Submitted by Administrator on Wed, 18/10/2017 - 11:10
New evidence shows that domestication of dogs has changed their skull shapes
For several decades there has been considerable debate as to whether domestic mammals are paedomorphic (juvenilised) forms of their wild ancestors. The most iconic of all domesticated animals, the dog, has been at the centre of this controversy, with reports of selection for a juvenile appearance resulting in a paedomorphic skull shape. A recent study rejected this hypothesis, claiming dogs are ‘neomorphic’, i.e. having a whole new skull shape.
Dr Madeleine Geiger, a visiting postdoctoral researcher in the department, along with other colleagues contends that the paedomorphosis hypothesis in domestic dogs has not yet been tested with proper methods and data, for example comparing the ontogenetic series of both the wild ancestor and the domesticated form. This new study does precisely this.

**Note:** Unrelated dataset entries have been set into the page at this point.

(* Let $l$ and $m$ be positive integers and let $q(x)=x^6-(l+m+3)x^4+(lm+l+m+3)x^2-1$. Suppose $\pm\theta_1,\pm\theta_2,\pm\theta_3$ are the six roots of $q(x)$ in its splitting field over $\mathbb{Q}$. If $q(x)$ is irreducible over $\mathbb{Q}$, then $1,\theta_1,\theta_2,\theta_3$ are linearly independent over $\mathbb{Q}$.
   Context: The roots of $q$ are simple, nonzero and real, and come in pairs $\pm\theta_j$; the labeling means the six roots are $\theta_1,-\theta_1,\theta_2,-\theta_2,\theta_3,-\theta_3$. *)

From HB Require Import structures.
From mathcomp Require Import all_boot all_order all_algebra all_field.
Set Implicit Arguments. Unset Strict Implicit. Unset Printing Implicit Defensive.
Import GRing.Theory Num.Theory.
Local Open Scope ring_scope.

Definition q_lm (l m : nat) : {poly rat} :=
  'X^6 - (l + m + 3)%:R *: 'X^4 + (l * m + l + m + 3)%:R *: 'X^2 - 1.

(* As q is irreducible, some Q-automorphism g of the splitting field sends t1 to -t1.
   Since q(0) = -1, the product t1 t2 t3 = +-1 is rational, hence fixed by g; so g, or
   g o g when g exchanges +-t2 with +-t3, fixes one ti and negates the other two.
   Applying it to a rational relation a + b1 t1 + b2 t2 + b3 t3 = 0 and adding gives
   a + bi ti = 0, hence a = bi = 0 since ti has degree 6.  The remaining relation
   bj tj + bk tk = 0 forces tk = c tj with c rational unless bj = bk = 0; but then
   q(cX) - c^6 q(X) has degree < 6 and vanishes at tj, so c^6 = 1 and tk = +-tj,
   which the separability of q excludes. *)

From mathcomp Require Import all_boot all_order all_algebra all_field.
From mathcomp Require Import ring.
Set Implicit Arguments.
Unset Strict Implicit.
Unset Printing Implicit Defensive.

Import GRing.Theory Num.Theory.
Local Open Scope ring_scope.

Section IrreducibleRoots.

Variables (F : fieldType) (L : fieldExtType F) (p : {poly F}).
Hypothesis p_irr : irreducible_poly p.
Local Notation lift q := (map_poly (in_alg L) q).

Lemma irr_root_poly_eq0 {x} {P : {poly F}} :
  root (lift p) x -> (size P < size p)%N -> root (lift P) x -> P = 0.
Proof.
move=> px0 ltPp Px0; apply/eqP; apply: contraTT ltPp => nzP; rewrite -leqNgt.
exact: (subfx_irreducibleP px0 (irredp_neq0 p_irr)).2 p_irr P Px0 nzP.
Qed.

Lemma minPoly_eqp_irr {x} : root (lift p) x -> minPoly 1 x %= lift p.
Proof.
move=> px0; have /polyOver1P[m Dm] := minPolyOver 1 x.
have m_dvd_p : m %| p.
  by rewrite -(dvdp_map (in_alg L)) -Dm minPoly_dvdp //; apply/polyOver1P; exists p.
have nz_m : m != 0.
  by rewrite -(map_poly_eq0 (in_alg L)) -Dm monic_neq0 ?monic_minPoly.
have mx0 : root (lift m) x by rewrite -Dm root_minPoly.
have le_pm := (subfx_irreducibleP px0 (irredp_neq0 p_irr)).2 p_irr m mx0 nz_m.
rewrite Dm eqp_map -dvdp_size_eqp // eqn_leq le_pm andbT.
by rewrite dvdp_leq ?irredp_neq0.
Qed.

Lemma root_map_neq0 {x} : p.[0] != 0 -> root (lift p) x -> x != 0.
Proof.
move=> p0 px0; apply: contraNneq p0 => x0.
by move: px0; rewrite x0 -(rmorph0 (in_alg L)) rootE horner_map fmorph_eq0.
Qed.

Lemma irr_root_lin_eq0 x (a b : F) :
  (2 < size p)%N -> root (lift p) x -> a%:A + b *: x = 0 -> a = 0 /\ b = 0.
Proof.
move=> gt2p px0 abx0; pose P := b *: 'X + a%:P.
have P0 : P = 0.
  apply: (irr_root_poly_eq0 px0).
    apply: leq_ltn_trans gt2p; rewrite (leq_trans (size_polyD _ _)) // geq_max.
    rewrite (leq_trans (size_scale_leq _ _)) ?size_polyX //.
    exact: leq_trans (size_polyC_leq1 _) _.
  rewrite /root rmorphD /= map_polyZ map_polyX map_polyC !hornerE /=.
  by rewrite mulr_algl addrC abx0.
have := congr1 (coefp 0) P0; have := congr1 (coefp 1) P0.
by rewrite /= !coefD !coefZ !coefX !coefC /= !mulr1 !mulr0 addr0 add0r => -> ->.
Qed.

Lemma irr_root_scale_expn x c :
  p.[0] != 0 -> root (lift p) x -> root (lift p) (c *: x) -> c ^+ (size p).-1 = 1.
Proof.
move=> p0 px0 pcx0; set n := (size p).-1.
have nz_c : c != 0.
  by apply: contraNneq (root_map_neq0 p0 pcx0) => ->; rewrite scale0r.
have size_cX : size (c *: 'X : {poly F}) = 2 by rewrite size_scale ?size_polyX.
have size_p : size p = n.+1 by rewrite prednK // ltnW // p_irr.1.
have lead_pc : (p \Po (c *: 'X))`_n = c ^+ n * p`_n.
  have := @lead_coef_comp _ p (c *: 'X); rewrite size_cX => /(_ isT).
  by rewrite lead_coefE size_comp_poly2 // lead_coefZ lead_coefX mulr1 mulrC.
pose P := p \Po (c *: 'X) - c ^+ n *: p.
have ltPp : (size P < size p)%N.
  rewrite size_p ltnS; apply/leq_sizeP => j; rewrite leq_eqVlt => /orP[/eqP <- | ltnj].
    by rewrite coefB coefZ lead_pc subrr.
  rewrite coefB coefZ !nth_default ?mulr0 ?subr0 ?size_comp_poly2 ?size_p //.
have Px0 : root (lift P) x.
  rewrite /root rmorphB /= map_polyZ map_comp_poly /= map_polyZ map_polyX.
  by rewrite !hornerE horner_comp !hornerE mulr_algl (rootP pcx0) (rootP px0) mulr0 subr0.
have := congr1 (horner^~ 0) (irr_root_poly_eq0 px0 ltPp Px0).
rewrite /= !hornerE horner_comp !hornerE.
move/eqP; rewrite -{1}(mul1r p.[0]) -mulrBl mulf_eq0 (negPf p0) orbF subr_eq0.
by rewrite eq_sym => /eqP.
Qed.

Lemma kHom_conj_root (rs : seq L) x y :
  lift p = \prod_(r <- rs) ('X - r%:P) -> x \in rs -> y \in rs ->
  exists2 g : 'End(L), kHom 1 <<1 & rs>> g & g x = y.
Proof.
move=> p_split rs_x rs_y; have p_over : lift p \is a polyOver 1%VS.
  by apply/polyOver1P; exists p.
have px0 : root (lift p) x by rewrite p_split root_prod_XsubC.
have conj_y : root (map_poly \1%VF (minPoly 1 x)) y.
  rewrite map_poly_id => [|z _]; last exact: id_lfunE.
  by rewrite (eqp_root (minPoly_eqp_irr px0)) p_split root_prod_XsubC.
have homf : kHom 1 <<1; x>> (kHomExtend 1 \1 x y) by apply: kHomExtendP; rewrite ?kHom1.
have split_x : splittingFieldFor <<1; x>> (lift p) <<1 & rs>>.
  apply: (@splittingFieldForS _ _ 1%AS); rewrite ?sub1v //.
    by apply/FadjoinP; rewrite sub1v seqv_sub_adjoin.
  by exists rs; rewrite ?p_split ?eqpxx.
have [g homg fg] := kHom_extends (sub1v _) homf p_over split_x.
by exists g; rewrite // -fg ?memv_adjoin // (kHomExtend_val (kHom1 1 1)).
Qed.

End IrreducibleRoots.

Lemma kHom_eq0 (F : fieldType) (L : fieldExtType F) (K E : {subfield L}) f x :
  kHom K E f -> x \in E -> (f x == 0) = (x == 0).
Proof.
move=> homf Ex; apply/eqP/eqP => [fx0 | ->]; last exact: linear0.
have [f_fix f_mul] := kHomP_tmp homf.
apply: contra_eq fx0 => nz_x; apply: contraNneq (@oner_neq0 L) => fx0.
by rewrite -(f_fix 1) ?mem1v // -(mulfV nz_x) f_mul ?memvV // fx0 mul0r.
Qed.

Section IrreducibleRootsReal.

Variables (F : realFieldType) (L : fieldExtType F) (p : {poly F}).
Hypothesis p_irr : irreducible_poly p.
Local Notation lift q := (map_poly (in_alg L) q).

Lemma irr_roots_uniq (rs : seq L) : lift p = \prod_(r <- rs) ('X - r%:P) -> uniq rs.
Proof.
case: rs => [|x rs] p_split.
  by have := p_irr.1; rewrite -(size_map_poly (in_alg L)) p_split big_nil size_poly1.
have px0 : root (lift p) x by rewrite p_split root_prod_XsubC mem_head.
have : separable_element 1 x.
  by apply: pcharf0_separable => q; rewrite pchar_lalg pchar_num.
rewrite /separable_element (eqp_separable (minPoly_eqp_irr p_irr px0)) p_split.
by rewrite separable_prod_XsubC.
Qed.

Lemma irr_root_scale x c :
  p.[0] != 0 -> root (lift p) x -> root (lift p) (c *: x) -> c = 1 \/ c = -1.
Proof.
move=> p0 px0 pcx0; have cn1 := irr_root_scale_expn p_irr p0 px0 pcx0.
have n_gt0 : (0 < (size p).-1)%N by rewrite -subn1 subn_gt0 p_irr.1.
have : `|c| == 1 by rewrite -(pexpr_eq1 n_gt0) ?normr_ge0 // -normrX cn1 normr1.
by rewrite eqr_norml ler01 andbT => /orP[] /eqP; [left | right].
Qed.

Lemma irr_roots_indep x y (b d : F) :
    p.[0] != 0 -> root (lift p) x -> root (lift p) y -> y != x -> y != - x ->
  b *: x + d *: y = 0 -> b = 0 /\ d = 0.
Proof.
move=> p0 px0 py0 yx ynx bd0.
have d0 : d = 0.
  apply/eqP; apply: contraT => nz_d.
  have dy : d *: y = - (b *: x) by apply/eqP; rewrite -addr_eq0 addrC bd0.
  have y_scale : y = (- b / d) *: x.
    by apply: (scalerI nz_d); rewrite dy scalerA mulrC divfK // scaleNr.
  move: py0 yx ynx; rewrite y_scale => /(irr_root_scale p0 px0)[-> | ->].
    by rewrite scale1r eqxx.
  by rewrite scaleN1r eqxx.
split=> //; move/eqP: bd0; rewrite d0 scale0r addr0 scaler_eq0.
by rewrite (negPf (root_map_neq0 p0 px0)) orbF => /eqP.
Qed.

Lemma irr_roots_flip_eq0 u v w (a b c d : F) :
    (2 < size p)%N -> p.[0] != 0 ->
    root (lift p) u -> root (lift p) v -> root (lift p) w -> w != v -> w != - v ->
    a%:A + b *: u + c *: v + d *: w = 0 -> a%:A + b *: u - c *: v - d *: w = 0 ->
  [/\ a = 0, b = 0, c = 0 & d = 0].
Proof.
move=> gt2p p0 pu0 pv0 pw0 wv wnv R1 R2.
have : (2%:R : F) *: (c *: v + d *: w) = 0.
  by rewrite scaler_nat -[RHS]subr0 -{1}R1 -R2; ring.
move/eqP; rewrite scaler_eq0 pnatr_eq0 /= => /eqP.
move=> /(irr_roots_indep p0 pv0 pw0 wv wnv) [c0 d0].
move: R1; rewrite c0 d0 !scale0r !addr0.
by move=> /(irr_root_lin_eq0 p_irr gt2p pu0)[-> ->].
Qed.

End IrreducibleRootsReal.

Section PairedRoots.

Variables (F : realFieldType) (L : fieldExtType F) (p : {poly F}) (t1 t2 t3 : L).
Local Notation lift q := (map_poly (in_alg L) q).
Local Notation rs := [:: t1; - t1; t2; - t2; t3; - t3].
Hypotheses (p_irr : irreducible_poly p) (p_split : lift p = \prod_(r <- rs) ('X - r%:P)).
Hypothesis p0 : p.[0] = -1.

Let p0_neq0 : p.[0] != 0. Proof. by rewrite p0 oppr_eq0 oner_eq0. Qed.

Lemma root_paired r : root (lift p) r = (r \in rs).
Proof. by rewrite p_split root_prod_XsubC. Qed.

Lemma paired_root_neq0 r : r \in rs -> r != 0.
Proof. by rewrite -root_paired; apply: root_map_neq0. Qed.

Lemma size_paired : size p = 7.
Proof. by rewrite -(size_map_poly (in_alg L)) p_split size_prod_XsubC. Qed.

Lemma paired_roots_neq : t2 \notin [:: t1; - t1] /\ t3 \notin [:: t1; - t1; t2; - t2].
Proof.
have := irr_roots_uniq p_irr p_split; rewrite /= !inE !negb_or -!andbA.
case/and5P=> _ n12 _ n13 /and5P[_ nN12 _ nN13 /and5P[_ _ n23 _ /andP[nN23 _]]].
by rewrite ![t2 == _]eq_sym ![t3 == _]eq_sym n12 nN12 n13 nN13 n23 nN23.
Qed.

Lemma paired_roots_prod_sqr : (t1 * t2 * t3) ^+ 2 = 1.
Proof.
have := congr1 (horner^~ 0) p_split; rewrite /= horner_prod !big_cons big_nil.
rewrite !hornerXsubC horner_coef0 coef_map /= -horner_coef0 p0 scaleN1r => p0_prod.
by rewrite -[RHS]opprK p0_prod; ring.
Qed.

Lemma paired_conj_neg_t1 : exists g : 'End(L), [/\ g 1 = 1, g t1 = - t1 &
  [\/ g t2 = t2 /\ g t3 = - t3, g t2 = - t2 /\ g t3 = t3,
      g t2 = t3 /\ g t3 = - t2 | g t2 = - t3 /\ g t3 = t2]].
Proof.
have [] := paired_roots_neq; rewrite !inE !negb_or => /andP[n21 n2N1] _.
have rs_Nt1 : - t1 \in rs by rewrite !inE eqxx orbT.
have [g homg gt1] := kHom_conj_root p_irr p_split (mem_head _ _) rs_Nt1.
have [g_fix g_mul] := kHomP_tmp homg.
have E_rs r : r \in rs -> r \in <<1 & rs>>%VS by apply: seqv_sub_adjoin.
have [E1 E2 E3] : [/\ t1 \in <<1 & rs>>%VS, t2 \in <<1 & rs>>%VS & t3 \in <<1 & rs>>%VS].
  by split; apply: E_rs; rewrite !inE eqxx ?orbT.
have g_prod : g t2 * g t3 = - (t2 * t3).
  have prod_fix : g (t1 * t2 * t3) = t1 * t2 * t3.
    apply: g_fix; have /eqP := paired_roots_prod_sqr.
    by rewrite sqrf_eq1 => /orP[] /eqP ->; rewrite ?rpredN mem1v.
  apply: (mulfI (paired_root_neq0 rs_Nt1)).
  by rewrite mulrA -{1}gt1 -!g_mul ?rpredM // prod_fix; ring.
have g_t3 s v : g t2 = s -> s * v = - (t2 * t3) -> g t3 = v.
  move=> g_t2 sv; apply: (mulfI (_ : s != 0)); last by rewrite sv -g_prod g_t2.
  by rewrite -g_t2 (kHom_eq0 homg E2) paired_root_neq0 // !inE eqxx ?orbT.
exists g; split=> //; first exact: g_fix (mem1v _).
have p_over : lift p \is a polyOver 1%VS by apply/polyOver1P; exists p.
have : g t2 \in rs.
  rewrite -root_paired (kHom_root_id (sub1v _) homg p_over E2) //.
  by rewrite root_paired !inE eqxx ?orbT.
rewrite !inE => /orP[/eqP g2 | /orP[/eqP g2 | /orP[/eqP g2 |
                /orP[/eqP g2 | /orP[/eqP g2 | /eqP g2]]]]].
- have : g (t2 + t1) == 0 by rewrite linearD /= g2 gt1 subrr.
  by rewrite (kHom_eq0 homg) ?rpredD // addr_eq0 (negPf n2N1).
- have : g (t2 - t1) == 0 by rewrite linearB /= g2 gt1 subrr.
  by rewrite (kHom_eq0 homg) ?rpredB // subr_eq0 (negPf n21).
- by apply: Or41; rewrite (g_t3 _ (- t3) g2) ?mulrN.
- by apply: Or42; rewrite (g_t3 _ t3 g2) ?mulNr.
- by apply: Or43; rewrite (g_t3 _ (- t2) g2) // mulrN mulrC.
- by apply: Or44; rewrite (g_t3 _ t2 g2) // mulNr mulrC.
Qed.

Lemma paired_relation_flip (a b1 b2 b3 : F) :
    a%:A + b1 *: t1 + b2 *: t2 + b3 *: t3 = 0 ->
  [\/ a%:A + b1 *: t1 - b2 *: t2 - b3 *: t3 = 0,
      a%:A + b2 *: t2 - b1 *: t1 - b3 *: t3 = 0
    | a%:A + b3 *: t3 - b1 *: t1 - b2 *: t2 = 0].
Proof.
move=> R; have [g [g1 gt1 g_t23]] := paired_conj_neg_t1.
have g_rel x1 x2 x3 : a%:A + b1 *: x1 + b2 *: x2 + b3 *: x3 = 0 ->
    a%:A + b1 *: g x1 + b2 *: g x2 + b3 *: g x3 = 0.
  by move/(congr1 g); rewrite !linearD !linearZ /= g1 linear0.
have g_opp x : g (- x) = - g x by rewrite linearN.
case: g_t23 => [[g2 g3] | [g2 g3] | [g2 g3] | [g2 g3]].
- by apply: Or32; move: (g_rel _ _ _ R); rewrite gt1 g2 g3 !scalerN => <-; ring.
- by apply: Or33; move: (g_rel _ _ _ R); rewrite gt1 g2 g3 !scalerN => <-; ring.
- apply: Or31; move: (g_rel _ _ _ (g_rel _ _ _ R)).
  by rewrite !(g_opp, gt1, g2, g3) !scalerN => <-; ring.
- apply: Or31; move: (g_rel _ _ _ (g_rel _ _ _ R)).
  by rewrite !(g_opp, gt1, g2, g3) !scalerN => <-; ring.
Qed.

Lemma paired_relation_eq0 (a b1 b2 b3 : F) :
    a%:A + b1 *: t1 + b2 *: t2 + b3 *: t3 = 0 ->
  [/\ a = 0, b1 = 0, b2 = 0 & b3 = 0].
Proof.
move=> R; have [] := paired_roots_neq; rewrite !inE !negb_or.
move=> /andP[n21 n2N1] /and4P[n31 n3N1 n32 n3N2].
have gt2p : (2 < size p)%N by rewrite size_paired.
have [pt1 pt2 pt3] : [/\ root (lift p) t1, root (lift p) t2 & root (lift p) t3].
  by split; rewrite root_paired !inE eqxx ?orbT.
have flip_eq0 := irr_roots_flip_eq0 (L := L) p_irr gt2p p0_neq0.
case: (paired_relation_flip R) => R'.
- exact: flip_eq0 pt1 pt2 pt3 n32 n3N2 R R'.
- have [|-> -> -> ->] // := flip_eq0 _ _ _ a b2 b1 b3 pt2 pt1 pt3 n31 n3N1 _ R'.
  by rewrite -R; ring.
- have [|-> -> -> ->] // := flip_eq0 _ _ _ a b3 b1 b2 pt3 pt1 pt2 n21 n2N1 _ R'.
  by rewrite -R; ring.
Qed.

End PairedRoots.

Lemma seq4_free (K : fieldType) (V : vectType K) (v0 v1 v2 v3 : V) :
    (forall a0 a1 a2 a3, a0 *: v0 + a1 *: v1 + a2 *: v2 + a3 *: v3 = 0 ->
       [/\ a0 = 0, a1 = 0, a2 = 0 & a3 = 0]) ->
  free [:: v0; v1; v2; v3].
Proof.
move=> rel_eq0; apply/(@freeP _ _ 4 [tuple v0; v1; v2; v3]) => k.
rewrite !big_ord_recl big_ord0 addr0 !addrA => /rel_eq0[k0 k1 k2 k3].
by case=> [[|[|[|[|//]]]] ?]; [rewrite -k0 | rewrite -k1 | rewrite -k2 | rewrite -k3];
  congr k; apply: val_inj.
Qed.

Theorem theorem2p5 (l m : nat) (L : fieldExtType rat) (t1 t2 t3 : L) :
  (0 < l)%nat -> (0 < m)%nat ->
  map_poly (in_alg L) (q_lm l m) =
    \prod_(r <- [:: t1; - t1; t2; - t2; t3; - t3]) ('X - r%:P) ->
  irreducible_poly (q_lm l m) ->
  free [:: 1; t1; t2; t3].
Proof.
move=> _ _ q_split q_irr; apply: seq4_free => a b1 b2 b3.
apply: (paired_relation_eq0 q_irr q_split).
rewrite /q_lm !(hornerD, hornerN, hornerZ, hornerXn, hornerC) !expr0n /=.
by rewrite !mulr0 subr0 addr0 sub0r.
Qed.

The group sampled a unique data set, including dog, wolf and archeological dog data, crucial for comparing patterns of growth, and applied state-of-the-art geometric morphometric methods. They show that patterns of juvenile-to-adult change are largely similar in wolves and domestic dogs, but differ in two ways. First, dog skulls show unique (neomorphic) features already shortly after birth, and these features persist throughout life. Second, at any given age, juvenile dogs exhibit skull shapes that resemble those of consistently younger wolves, even in dog breeds that do not exhibit a ‘juvenilized’ skull shape as adults.
These patterns exemplify the complex nature of evolutionary changes during dog domestication: the skull shape of adult dogs cannot simply be explained as either neomorphic or paedomorphic.